### TASK STATEMENT
Which lines of the entries contain the string "Open"? Copy each of them.

### INPUT RECORDS
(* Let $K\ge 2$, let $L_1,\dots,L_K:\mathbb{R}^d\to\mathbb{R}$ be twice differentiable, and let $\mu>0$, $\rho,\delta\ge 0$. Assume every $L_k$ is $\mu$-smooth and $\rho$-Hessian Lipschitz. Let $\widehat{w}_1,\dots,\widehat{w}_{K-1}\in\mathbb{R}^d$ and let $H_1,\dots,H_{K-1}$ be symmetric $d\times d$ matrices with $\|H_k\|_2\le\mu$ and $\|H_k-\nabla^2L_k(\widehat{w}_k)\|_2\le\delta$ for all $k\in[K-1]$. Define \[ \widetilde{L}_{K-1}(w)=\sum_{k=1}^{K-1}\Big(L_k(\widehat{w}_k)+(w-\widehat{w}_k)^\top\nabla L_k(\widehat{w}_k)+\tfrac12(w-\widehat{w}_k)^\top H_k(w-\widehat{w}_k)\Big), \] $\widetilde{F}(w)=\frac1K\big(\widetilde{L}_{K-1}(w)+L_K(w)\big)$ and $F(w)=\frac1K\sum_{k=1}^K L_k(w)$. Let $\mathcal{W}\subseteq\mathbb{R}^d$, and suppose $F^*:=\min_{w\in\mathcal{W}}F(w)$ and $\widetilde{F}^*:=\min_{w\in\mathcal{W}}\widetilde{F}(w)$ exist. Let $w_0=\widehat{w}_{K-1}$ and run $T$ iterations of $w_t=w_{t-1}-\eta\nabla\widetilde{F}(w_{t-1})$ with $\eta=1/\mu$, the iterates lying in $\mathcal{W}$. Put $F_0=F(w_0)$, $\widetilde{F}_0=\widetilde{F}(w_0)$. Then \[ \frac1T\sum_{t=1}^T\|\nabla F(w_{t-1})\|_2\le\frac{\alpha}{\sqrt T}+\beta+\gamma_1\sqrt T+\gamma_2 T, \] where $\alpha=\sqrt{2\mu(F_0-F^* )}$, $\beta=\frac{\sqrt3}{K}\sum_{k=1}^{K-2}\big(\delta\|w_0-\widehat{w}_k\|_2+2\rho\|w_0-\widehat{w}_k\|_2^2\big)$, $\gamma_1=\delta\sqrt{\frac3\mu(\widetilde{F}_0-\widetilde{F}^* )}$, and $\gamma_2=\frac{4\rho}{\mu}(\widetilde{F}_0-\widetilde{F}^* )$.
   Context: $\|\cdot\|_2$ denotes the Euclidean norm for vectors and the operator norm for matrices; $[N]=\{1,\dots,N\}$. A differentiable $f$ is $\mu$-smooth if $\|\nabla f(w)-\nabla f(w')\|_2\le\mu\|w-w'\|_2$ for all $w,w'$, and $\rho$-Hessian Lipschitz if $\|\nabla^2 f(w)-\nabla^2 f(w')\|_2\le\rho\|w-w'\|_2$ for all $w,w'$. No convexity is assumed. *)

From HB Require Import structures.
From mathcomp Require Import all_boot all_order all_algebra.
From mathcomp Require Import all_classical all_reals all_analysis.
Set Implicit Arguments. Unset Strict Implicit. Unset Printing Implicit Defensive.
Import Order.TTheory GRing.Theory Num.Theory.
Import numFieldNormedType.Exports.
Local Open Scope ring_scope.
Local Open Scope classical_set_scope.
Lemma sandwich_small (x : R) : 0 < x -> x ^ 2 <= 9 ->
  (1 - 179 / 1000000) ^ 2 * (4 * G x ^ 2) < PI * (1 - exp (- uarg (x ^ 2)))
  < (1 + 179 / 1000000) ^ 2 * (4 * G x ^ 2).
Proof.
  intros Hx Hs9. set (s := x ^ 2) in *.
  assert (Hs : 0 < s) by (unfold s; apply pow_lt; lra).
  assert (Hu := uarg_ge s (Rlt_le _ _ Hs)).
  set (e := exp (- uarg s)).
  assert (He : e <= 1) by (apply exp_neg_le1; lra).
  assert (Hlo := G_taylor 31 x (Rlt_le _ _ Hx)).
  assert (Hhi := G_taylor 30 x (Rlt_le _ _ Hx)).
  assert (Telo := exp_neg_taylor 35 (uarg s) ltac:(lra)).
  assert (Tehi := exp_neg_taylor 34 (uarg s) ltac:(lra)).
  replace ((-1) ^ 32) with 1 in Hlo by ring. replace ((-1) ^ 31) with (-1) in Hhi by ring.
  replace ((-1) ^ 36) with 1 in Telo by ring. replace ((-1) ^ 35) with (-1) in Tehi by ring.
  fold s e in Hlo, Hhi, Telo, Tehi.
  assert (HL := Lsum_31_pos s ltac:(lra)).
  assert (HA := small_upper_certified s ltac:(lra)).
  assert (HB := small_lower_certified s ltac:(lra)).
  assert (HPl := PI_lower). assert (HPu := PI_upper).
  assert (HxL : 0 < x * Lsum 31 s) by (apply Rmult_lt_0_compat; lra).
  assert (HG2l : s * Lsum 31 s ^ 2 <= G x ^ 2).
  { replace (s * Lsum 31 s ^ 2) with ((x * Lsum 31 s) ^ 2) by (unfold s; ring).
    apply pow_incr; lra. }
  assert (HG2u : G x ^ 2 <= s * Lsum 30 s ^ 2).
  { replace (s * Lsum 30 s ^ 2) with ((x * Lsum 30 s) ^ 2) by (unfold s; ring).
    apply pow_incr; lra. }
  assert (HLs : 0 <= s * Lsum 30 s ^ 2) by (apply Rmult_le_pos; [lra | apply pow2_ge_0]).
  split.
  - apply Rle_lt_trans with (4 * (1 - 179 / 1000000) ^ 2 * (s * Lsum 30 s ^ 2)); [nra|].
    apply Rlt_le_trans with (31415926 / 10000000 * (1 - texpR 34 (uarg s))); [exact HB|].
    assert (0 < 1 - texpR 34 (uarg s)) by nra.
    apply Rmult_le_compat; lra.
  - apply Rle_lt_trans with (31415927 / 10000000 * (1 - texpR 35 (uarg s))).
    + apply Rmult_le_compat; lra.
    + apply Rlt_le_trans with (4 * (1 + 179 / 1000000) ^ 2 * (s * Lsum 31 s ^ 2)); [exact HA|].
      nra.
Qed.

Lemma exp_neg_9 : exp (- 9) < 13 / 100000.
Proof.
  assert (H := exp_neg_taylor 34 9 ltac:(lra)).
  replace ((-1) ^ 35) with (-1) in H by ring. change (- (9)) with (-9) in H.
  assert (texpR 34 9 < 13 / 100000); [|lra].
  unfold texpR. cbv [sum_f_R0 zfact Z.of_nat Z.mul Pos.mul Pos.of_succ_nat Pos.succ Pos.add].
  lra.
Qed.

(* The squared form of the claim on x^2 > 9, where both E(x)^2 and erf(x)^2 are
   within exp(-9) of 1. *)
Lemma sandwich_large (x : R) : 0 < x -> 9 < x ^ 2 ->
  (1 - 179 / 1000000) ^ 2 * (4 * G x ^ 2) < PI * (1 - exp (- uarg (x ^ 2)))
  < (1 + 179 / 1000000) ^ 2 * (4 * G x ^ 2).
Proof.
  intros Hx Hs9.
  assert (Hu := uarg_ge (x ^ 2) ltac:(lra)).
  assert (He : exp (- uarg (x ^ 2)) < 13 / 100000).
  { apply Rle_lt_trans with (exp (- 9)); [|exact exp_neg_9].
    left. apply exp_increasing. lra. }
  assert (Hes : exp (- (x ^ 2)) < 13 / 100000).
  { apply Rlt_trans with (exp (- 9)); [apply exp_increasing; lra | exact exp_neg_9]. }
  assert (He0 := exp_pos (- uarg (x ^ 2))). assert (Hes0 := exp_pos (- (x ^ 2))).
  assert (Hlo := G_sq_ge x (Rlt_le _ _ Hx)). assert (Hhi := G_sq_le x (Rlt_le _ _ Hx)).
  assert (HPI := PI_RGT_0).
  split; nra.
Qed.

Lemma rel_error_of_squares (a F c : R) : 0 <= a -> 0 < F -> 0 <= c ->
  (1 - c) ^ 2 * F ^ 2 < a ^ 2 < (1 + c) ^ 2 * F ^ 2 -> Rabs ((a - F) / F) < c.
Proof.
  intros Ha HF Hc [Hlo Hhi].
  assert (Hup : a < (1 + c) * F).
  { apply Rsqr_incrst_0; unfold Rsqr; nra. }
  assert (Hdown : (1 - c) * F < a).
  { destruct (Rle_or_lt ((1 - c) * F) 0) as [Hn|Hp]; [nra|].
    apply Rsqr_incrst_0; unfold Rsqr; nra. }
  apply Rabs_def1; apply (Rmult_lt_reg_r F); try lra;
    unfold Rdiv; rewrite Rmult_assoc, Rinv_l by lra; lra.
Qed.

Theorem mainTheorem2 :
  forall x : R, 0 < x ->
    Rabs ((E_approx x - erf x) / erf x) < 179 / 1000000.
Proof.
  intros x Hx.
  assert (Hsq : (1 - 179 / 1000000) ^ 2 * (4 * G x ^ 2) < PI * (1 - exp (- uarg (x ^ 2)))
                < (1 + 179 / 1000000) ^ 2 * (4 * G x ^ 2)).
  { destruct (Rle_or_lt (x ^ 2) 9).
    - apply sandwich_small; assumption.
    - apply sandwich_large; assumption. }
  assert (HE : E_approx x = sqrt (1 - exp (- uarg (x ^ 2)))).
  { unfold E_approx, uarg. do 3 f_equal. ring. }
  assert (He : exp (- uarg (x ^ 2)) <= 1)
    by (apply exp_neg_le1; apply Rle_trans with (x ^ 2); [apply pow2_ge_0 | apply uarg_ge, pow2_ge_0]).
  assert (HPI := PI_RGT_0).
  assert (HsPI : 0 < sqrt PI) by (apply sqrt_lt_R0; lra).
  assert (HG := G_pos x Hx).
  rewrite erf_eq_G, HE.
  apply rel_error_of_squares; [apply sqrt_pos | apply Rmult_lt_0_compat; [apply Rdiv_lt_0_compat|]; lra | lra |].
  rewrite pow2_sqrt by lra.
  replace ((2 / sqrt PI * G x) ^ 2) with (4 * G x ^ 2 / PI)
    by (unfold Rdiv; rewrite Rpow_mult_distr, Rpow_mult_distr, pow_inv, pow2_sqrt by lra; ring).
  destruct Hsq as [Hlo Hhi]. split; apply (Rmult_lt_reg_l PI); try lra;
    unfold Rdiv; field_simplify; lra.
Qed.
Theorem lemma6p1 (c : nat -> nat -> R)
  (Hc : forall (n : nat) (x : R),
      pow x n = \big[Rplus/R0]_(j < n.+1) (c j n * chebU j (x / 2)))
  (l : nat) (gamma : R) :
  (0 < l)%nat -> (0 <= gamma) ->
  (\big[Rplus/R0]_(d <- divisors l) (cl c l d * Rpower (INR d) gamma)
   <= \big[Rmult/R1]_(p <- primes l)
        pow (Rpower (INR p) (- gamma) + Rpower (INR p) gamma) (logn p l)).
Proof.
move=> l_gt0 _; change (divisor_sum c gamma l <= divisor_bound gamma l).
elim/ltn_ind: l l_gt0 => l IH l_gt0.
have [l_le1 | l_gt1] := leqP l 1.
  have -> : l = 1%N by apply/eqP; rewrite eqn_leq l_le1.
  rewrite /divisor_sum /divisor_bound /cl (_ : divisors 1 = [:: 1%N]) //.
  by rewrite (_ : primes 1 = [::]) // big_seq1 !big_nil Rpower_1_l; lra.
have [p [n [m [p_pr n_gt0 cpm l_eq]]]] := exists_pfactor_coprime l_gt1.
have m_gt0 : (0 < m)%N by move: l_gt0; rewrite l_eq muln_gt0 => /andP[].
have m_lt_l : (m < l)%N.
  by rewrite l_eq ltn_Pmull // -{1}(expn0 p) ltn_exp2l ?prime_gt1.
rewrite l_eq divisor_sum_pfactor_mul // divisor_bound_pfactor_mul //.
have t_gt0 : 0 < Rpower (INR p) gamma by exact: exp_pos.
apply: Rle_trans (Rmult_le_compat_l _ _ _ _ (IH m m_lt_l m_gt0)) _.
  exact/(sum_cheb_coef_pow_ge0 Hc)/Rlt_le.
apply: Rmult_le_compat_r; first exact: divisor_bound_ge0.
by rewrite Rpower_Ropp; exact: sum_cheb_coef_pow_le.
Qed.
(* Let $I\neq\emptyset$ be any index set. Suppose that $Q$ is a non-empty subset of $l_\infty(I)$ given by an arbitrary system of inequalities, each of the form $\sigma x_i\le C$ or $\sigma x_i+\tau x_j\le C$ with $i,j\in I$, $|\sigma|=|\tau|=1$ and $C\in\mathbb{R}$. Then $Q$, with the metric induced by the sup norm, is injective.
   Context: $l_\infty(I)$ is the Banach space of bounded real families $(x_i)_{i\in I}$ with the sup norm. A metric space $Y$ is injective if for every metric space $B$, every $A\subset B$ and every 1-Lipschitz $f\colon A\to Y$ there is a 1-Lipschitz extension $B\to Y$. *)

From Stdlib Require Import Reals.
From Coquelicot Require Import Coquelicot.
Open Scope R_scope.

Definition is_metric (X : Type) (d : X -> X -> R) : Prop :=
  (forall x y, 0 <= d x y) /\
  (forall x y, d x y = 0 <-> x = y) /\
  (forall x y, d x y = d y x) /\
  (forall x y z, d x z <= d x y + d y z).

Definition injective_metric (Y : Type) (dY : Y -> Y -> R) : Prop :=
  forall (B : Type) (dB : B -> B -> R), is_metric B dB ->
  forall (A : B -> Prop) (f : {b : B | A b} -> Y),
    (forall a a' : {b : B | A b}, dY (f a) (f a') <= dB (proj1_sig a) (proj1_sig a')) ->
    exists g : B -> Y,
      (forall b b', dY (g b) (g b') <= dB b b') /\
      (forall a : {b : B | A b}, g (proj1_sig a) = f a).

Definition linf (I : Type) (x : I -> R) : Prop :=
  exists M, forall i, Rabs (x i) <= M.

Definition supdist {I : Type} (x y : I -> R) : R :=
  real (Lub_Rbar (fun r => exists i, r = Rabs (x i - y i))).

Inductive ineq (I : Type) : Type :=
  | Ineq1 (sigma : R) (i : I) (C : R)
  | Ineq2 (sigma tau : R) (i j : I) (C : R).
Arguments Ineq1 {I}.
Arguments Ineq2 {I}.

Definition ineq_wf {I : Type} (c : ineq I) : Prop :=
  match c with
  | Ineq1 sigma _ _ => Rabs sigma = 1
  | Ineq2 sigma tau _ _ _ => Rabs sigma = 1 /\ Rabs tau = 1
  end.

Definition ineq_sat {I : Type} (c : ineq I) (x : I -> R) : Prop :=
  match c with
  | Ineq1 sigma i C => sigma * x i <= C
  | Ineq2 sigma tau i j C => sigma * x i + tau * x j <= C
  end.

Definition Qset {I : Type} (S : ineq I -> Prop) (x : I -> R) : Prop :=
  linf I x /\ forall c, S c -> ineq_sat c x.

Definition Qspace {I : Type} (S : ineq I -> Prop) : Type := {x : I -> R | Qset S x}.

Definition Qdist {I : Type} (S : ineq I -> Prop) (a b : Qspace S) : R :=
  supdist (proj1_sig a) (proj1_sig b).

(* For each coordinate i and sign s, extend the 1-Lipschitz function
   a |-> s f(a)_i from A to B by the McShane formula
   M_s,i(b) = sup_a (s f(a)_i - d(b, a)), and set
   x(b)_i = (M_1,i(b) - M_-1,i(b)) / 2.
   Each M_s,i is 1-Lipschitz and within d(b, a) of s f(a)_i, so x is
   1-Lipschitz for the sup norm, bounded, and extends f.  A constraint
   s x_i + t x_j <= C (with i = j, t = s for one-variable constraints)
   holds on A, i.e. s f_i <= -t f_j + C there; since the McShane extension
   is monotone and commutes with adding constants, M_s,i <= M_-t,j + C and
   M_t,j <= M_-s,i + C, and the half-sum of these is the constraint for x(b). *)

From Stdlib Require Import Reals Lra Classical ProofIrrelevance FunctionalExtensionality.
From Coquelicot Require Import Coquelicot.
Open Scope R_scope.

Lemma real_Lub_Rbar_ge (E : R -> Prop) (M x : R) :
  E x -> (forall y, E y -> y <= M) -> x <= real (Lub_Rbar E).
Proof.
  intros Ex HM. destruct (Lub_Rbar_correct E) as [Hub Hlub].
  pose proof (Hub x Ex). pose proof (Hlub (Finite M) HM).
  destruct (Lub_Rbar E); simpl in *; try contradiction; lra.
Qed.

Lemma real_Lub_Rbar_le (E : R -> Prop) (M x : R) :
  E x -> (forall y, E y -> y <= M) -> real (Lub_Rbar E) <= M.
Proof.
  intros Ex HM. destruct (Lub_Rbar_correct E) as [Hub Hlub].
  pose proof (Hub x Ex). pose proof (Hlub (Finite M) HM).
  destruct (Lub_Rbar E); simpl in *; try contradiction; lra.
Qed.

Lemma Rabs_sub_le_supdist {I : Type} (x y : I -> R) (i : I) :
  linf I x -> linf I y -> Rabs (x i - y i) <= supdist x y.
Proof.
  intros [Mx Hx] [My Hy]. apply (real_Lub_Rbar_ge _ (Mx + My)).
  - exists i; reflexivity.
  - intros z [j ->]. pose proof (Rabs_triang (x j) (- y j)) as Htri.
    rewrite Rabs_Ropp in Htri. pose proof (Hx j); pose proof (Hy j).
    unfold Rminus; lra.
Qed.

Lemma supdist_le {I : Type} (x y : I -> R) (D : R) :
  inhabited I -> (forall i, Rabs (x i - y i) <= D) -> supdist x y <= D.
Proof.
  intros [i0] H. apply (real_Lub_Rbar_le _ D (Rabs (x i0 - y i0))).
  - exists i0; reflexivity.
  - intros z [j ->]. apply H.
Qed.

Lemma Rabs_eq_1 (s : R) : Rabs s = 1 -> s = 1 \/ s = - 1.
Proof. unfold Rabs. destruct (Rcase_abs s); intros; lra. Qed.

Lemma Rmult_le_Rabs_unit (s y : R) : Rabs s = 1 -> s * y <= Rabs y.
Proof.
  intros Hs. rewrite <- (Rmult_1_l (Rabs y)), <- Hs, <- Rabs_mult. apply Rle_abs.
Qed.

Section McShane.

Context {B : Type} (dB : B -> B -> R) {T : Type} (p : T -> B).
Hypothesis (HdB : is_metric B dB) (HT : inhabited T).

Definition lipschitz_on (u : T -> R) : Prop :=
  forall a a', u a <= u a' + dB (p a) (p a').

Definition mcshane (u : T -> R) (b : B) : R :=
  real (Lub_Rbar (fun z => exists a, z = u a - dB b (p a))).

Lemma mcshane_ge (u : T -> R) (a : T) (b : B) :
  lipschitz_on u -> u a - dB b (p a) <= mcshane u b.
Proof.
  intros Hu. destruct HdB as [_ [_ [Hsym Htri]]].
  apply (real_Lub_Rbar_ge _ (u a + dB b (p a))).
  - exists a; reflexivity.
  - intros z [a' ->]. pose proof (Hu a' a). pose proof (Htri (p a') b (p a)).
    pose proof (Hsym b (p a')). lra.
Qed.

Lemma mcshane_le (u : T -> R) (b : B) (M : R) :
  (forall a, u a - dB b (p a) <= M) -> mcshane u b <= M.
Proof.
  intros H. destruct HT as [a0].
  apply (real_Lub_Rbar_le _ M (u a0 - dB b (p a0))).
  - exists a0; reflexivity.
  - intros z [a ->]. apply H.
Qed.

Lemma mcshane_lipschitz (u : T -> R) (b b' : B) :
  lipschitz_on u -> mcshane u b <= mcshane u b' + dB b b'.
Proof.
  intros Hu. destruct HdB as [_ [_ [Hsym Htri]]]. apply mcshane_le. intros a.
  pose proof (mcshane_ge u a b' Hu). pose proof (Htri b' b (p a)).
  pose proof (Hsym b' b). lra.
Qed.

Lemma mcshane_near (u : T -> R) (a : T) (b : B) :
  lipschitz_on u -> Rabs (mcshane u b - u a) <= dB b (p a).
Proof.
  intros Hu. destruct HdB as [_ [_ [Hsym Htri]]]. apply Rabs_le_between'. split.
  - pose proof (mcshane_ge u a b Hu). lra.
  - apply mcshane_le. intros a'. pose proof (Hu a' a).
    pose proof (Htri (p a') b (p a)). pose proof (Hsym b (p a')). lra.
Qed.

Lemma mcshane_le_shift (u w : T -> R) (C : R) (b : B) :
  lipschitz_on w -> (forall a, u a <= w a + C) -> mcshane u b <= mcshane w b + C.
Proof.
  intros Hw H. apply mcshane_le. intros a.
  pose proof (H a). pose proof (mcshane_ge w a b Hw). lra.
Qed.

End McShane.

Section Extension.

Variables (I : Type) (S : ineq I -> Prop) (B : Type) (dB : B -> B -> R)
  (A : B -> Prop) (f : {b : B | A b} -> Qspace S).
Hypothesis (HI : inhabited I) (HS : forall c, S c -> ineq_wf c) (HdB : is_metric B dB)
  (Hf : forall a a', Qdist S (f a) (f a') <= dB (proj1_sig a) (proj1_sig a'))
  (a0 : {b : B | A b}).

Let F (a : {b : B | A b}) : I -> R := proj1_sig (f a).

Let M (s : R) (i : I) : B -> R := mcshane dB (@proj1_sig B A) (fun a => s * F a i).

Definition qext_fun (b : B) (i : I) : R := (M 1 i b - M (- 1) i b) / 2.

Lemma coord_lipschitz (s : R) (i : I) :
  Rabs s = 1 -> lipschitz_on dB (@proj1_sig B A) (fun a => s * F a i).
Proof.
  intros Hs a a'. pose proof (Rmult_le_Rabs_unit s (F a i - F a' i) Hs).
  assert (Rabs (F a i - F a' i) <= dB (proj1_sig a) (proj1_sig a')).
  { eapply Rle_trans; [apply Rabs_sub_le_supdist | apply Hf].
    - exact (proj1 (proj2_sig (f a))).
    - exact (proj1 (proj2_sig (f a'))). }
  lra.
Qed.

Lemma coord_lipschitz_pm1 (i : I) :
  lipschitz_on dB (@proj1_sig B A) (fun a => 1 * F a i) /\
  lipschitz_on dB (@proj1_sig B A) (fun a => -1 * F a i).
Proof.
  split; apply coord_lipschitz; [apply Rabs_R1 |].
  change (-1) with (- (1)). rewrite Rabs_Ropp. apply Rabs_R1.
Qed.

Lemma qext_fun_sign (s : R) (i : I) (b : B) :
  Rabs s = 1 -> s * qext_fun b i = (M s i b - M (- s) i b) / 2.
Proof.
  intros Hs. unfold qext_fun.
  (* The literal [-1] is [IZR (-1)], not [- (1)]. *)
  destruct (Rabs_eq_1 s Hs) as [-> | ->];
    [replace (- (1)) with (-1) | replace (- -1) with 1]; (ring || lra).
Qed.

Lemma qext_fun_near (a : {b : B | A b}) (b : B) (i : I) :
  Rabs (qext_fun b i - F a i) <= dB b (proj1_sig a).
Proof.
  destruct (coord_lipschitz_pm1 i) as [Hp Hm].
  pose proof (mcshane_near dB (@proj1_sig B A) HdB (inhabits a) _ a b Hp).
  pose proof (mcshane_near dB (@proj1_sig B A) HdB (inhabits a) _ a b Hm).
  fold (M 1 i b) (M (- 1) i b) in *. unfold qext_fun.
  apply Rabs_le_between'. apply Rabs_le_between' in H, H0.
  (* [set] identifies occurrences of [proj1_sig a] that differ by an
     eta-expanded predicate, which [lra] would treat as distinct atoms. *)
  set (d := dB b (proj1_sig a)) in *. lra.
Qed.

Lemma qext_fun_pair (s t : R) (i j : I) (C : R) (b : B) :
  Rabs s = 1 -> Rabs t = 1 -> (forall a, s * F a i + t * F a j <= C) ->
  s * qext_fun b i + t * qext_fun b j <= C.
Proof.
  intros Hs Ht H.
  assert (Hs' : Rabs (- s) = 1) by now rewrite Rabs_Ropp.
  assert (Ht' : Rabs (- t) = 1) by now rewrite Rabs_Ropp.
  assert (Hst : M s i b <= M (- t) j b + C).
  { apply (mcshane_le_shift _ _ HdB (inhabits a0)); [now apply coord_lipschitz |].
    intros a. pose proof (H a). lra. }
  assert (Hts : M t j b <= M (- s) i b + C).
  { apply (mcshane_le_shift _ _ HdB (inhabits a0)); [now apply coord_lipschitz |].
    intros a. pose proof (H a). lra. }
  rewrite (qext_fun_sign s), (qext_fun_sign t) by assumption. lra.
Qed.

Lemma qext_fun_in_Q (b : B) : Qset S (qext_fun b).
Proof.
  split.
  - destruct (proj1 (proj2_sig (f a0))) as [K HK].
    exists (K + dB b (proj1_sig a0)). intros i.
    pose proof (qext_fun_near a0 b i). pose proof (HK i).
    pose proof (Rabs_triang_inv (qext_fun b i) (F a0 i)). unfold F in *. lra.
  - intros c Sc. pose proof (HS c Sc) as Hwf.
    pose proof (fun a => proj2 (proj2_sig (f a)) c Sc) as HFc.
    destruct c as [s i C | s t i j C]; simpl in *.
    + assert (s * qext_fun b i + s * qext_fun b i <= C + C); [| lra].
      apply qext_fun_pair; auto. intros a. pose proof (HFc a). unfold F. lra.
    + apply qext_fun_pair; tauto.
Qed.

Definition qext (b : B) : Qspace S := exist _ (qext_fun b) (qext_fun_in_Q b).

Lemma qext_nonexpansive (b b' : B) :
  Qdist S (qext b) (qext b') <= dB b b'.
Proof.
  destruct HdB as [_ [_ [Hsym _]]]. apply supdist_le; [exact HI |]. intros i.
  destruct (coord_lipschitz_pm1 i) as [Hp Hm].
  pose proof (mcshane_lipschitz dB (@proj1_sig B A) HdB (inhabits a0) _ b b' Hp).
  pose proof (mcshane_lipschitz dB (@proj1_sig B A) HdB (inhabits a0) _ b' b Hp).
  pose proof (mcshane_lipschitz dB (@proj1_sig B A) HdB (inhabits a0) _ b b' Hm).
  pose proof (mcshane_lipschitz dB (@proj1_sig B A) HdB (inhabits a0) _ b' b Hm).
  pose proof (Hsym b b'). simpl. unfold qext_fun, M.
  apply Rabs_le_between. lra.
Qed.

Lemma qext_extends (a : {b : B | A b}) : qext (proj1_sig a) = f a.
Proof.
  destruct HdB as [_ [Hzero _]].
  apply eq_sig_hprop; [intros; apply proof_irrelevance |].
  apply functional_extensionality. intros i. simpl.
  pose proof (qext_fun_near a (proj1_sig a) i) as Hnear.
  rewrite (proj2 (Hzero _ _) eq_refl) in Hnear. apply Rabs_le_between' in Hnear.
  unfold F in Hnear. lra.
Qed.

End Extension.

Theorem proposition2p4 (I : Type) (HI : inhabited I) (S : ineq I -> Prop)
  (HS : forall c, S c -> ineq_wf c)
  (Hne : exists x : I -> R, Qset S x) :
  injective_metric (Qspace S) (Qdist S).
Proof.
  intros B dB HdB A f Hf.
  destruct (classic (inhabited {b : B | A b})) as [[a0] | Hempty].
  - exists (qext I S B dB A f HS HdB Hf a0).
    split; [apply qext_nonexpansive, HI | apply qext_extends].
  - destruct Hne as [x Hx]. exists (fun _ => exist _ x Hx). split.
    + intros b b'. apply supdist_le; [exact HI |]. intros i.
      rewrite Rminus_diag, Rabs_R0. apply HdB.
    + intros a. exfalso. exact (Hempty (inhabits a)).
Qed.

### ANSWER TO THE PROBLEM
Local Open Scope ring_scope.
Local Open Scope classical_set_scope.
Open Scope R_scope.
Open Scope R_scope.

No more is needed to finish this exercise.